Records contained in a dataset

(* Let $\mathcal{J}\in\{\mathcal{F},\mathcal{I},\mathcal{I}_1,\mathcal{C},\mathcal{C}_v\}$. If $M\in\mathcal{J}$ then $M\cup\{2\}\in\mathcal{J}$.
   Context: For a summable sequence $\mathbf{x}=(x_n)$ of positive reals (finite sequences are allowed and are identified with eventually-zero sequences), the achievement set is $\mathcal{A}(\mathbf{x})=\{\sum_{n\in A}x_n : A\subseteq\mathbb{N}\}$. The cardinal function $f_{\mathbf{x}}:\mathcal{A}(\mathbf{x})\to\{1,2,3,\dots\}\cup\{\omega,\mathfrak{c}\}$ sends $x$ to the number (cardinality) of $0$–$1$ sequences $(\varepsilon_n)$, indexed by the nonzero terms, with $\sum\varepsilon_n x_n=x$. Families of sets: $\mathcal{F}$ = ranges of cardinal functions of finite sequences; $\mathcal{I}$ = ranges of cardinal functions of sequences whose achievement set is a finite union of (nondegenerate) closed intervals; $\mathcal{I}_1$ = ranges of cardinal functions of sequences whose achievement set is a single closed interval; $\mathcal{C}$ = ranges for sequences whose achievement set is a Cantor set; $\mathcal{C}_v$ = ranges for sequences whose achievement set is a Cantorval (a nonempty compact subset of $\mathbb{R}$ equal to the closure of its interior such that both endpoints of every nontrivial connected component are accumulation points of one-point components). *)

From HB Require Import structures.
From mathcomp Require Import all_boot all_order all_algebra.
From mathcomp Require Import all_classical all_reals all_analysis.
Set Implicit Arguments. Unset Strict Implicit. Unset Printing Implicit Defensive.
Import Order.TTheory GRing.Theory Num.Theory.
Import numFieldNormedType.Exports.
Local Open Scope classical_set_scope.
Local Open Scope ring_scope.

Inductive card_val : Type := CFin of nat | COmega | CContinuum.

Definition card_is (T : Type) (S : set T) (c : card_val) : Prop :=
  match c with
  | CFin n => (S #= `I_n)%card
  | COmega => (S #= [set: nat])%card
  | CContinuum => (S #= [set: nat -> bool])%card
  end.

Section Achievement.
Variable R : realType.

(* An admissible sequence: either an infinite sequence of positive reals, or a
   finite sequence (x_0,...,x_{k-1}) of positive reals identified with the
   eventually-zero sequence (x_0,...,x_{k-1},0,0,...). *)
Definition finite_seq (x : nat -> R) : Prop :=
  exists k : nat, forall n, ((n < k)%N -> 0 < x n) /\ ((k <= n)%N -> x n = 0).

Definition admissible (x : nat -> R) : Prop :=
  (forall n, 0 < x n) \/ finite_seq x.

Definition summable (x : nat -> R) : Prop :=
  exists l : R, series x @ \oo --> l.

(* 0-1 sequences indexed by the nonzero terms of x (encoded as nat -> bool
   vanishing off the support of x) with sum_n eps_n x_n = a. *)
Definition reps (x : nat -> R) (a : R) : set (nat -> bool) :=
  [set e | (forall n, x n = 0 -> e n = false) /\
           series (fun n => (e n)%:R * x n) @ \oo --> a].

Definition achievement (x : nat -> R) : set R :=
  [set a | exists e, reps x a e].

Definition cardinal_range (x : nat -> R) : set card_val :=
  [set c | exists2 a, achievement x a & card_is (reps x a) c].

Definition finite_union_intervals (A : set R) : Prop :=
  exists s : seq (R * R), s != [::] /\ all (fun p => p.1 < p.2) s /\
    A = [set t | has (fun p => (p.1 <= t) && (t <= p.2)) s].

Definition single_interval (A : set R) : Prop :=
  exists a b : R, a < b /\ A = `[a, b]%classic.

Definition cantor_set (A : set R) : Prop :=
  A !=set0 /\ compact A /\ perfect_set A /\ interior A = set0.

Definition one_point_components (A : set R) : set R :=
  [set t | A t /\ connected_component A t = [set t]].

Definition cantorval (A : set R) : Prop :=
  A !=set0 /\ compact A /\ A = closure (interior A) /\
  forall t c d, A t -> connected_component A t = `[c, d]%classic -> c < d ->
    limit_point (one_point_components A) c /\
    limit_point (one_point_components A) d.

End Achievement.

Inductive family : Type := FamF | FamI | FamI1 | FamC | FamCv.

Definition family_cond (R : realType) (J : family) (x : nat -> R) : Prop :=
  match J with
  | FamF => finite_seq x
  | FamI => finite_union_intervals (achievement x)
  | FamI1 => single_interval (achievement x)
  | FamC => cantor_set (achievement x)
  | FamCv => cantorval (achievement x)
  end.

---

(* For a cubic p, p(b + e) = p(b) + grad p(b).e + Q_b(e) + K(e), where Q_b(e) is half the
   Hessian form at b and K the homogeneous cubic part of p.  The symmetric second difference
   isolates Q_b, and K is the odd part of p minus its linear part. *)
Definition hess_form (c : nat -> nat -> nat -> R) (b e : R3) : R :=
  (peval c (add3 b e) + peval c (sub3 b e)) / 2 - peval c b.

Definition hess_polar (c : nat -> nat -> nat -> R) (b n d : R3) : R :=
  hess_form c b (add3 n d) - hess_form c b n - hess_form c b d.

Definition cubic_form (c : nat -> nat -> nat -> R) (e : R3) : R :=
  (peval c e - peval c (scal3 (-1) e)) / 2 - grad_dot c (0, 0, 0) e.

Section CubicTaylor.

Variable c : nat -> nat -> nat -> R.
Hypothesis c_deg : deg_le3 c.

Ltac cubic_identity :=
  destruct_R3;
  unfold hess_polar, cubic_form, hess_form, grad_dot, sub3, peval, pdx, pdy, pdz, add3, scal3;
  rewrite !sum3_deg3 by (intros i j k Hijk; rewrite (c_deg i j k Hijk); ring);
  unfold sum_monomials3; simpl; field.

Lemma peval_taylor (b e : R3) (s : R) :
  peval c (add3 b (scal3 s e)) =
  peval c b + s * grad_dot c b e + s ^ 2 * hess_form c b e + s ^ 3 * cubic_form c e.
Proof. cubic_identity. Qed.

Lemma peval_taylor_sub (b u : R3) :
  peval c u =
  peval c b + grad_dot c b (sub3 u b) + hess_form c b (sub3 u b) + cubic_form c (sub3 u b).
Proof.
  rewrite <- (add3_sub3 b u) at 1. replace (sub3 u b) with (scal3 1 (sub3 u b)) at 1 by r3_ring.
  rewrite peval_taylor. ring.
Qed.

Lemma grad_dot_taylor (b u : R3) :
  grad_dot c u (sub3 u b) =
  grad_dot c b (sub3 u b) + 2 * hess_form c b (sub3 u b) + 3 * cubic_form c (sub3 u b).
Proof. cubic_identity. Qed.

==

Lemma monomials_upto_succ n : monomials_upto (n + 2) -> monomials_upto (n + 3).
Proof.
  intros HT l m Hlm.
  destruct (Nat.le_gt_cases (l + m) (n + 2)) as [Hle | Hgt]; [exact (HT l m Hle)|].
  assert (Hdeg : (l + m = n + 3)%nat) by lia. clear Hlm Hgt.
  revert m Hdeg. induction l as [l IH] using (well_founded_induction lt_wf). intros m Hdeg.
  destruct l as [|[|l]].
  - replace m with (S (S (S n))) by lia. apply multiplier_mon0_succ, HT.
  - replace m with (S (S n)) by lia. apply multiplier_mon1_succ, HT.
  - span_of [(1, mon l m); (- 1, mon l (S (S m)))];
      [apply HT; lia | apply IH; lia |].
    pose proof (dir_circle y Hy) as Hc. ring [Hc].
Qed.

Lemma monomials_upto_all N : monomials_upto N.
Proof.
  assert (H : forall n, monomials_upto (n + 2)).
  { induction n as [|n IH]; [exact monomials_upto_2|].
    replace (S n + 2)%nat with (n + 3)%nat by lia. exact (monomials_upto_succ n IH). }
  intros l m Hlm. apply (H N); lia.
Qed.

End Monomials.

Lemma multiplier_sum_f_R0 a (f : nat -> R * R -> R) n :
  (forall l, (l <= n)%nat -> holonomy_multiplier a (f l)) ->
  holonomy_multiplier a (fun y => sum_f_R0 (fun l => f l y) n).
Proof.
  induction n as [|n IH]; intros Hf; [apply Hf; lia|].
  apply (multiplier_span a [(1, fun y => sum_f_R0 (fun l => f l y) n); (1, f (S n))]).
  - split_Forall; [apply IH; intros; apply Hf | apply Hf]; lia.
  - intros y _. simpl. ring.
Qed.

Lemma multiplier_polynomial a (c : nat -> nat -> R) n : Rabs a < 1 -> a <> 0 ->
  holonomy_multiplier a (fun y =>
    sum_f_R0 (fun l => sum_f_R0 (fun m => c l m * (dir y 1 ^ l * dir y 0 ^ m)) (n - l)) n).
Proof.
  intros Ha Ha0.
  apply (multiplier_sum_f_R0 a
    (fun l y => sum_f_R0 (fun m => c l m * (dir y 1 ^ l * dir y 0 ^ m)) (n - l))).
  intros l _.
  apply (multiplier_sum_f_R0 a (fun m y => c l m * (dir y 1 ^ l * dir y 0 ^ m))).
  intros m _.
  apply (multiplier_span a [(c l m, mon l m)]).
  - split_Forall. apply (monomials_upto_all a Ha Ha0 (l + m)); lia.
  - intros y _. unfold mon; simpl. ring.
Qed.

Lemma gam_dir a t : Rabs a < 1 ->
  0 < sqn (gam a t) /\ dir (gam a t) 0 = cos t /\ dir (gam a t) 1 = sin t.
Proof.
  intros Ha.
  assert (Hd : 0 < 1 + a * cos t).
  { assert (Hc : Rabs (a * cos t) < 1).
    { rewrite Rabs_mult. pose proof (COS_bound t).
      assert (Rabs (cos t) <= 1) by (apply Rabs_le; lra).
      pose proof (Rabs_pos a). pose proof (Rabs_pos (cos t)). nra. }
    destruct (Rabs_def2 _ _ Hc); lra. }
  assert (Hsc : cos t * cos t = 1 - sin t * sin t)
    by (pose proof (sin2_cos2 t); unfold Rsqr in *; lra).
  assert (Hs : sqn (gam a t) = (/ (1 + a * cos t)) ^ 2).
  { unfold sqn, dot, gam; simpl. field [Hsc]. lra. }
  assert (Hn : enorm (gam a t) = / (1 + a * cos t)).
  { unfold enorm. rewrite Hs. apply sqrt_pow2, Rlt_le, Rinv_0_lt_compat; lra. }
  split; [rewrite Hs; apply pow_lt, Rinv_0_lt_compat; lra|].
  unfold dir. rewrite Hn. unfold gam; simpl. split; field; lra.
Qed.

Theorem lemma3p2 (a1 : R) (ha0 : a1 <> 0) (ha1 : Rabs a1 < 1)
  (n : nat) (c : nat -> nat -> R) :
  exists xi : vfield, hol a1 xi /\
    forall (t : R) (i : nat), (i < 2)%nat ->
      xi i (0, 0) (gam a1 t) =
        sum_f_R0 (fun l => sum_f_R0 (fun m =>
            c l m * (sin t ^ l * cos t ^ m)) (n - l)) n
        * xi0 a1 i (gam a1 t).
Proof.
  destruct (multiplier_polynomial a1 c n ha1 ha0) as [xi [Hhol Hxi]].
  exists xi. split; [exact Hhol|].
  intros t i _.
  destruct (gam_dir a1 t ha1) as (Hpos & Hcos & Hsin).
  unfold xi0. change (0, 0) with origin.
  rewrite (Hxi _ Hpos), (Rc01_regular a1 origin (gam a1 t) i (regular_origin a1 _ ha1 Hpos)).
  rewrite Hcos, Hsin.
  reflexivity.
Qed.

▶ [Task]:
Report every line in the data above in which the word "realType" appears.

▶ [Result of this exercise]:
Variable R : realType.
Definition family_cond (R : realType) (J : family) (x : nat -> R) : Prop :=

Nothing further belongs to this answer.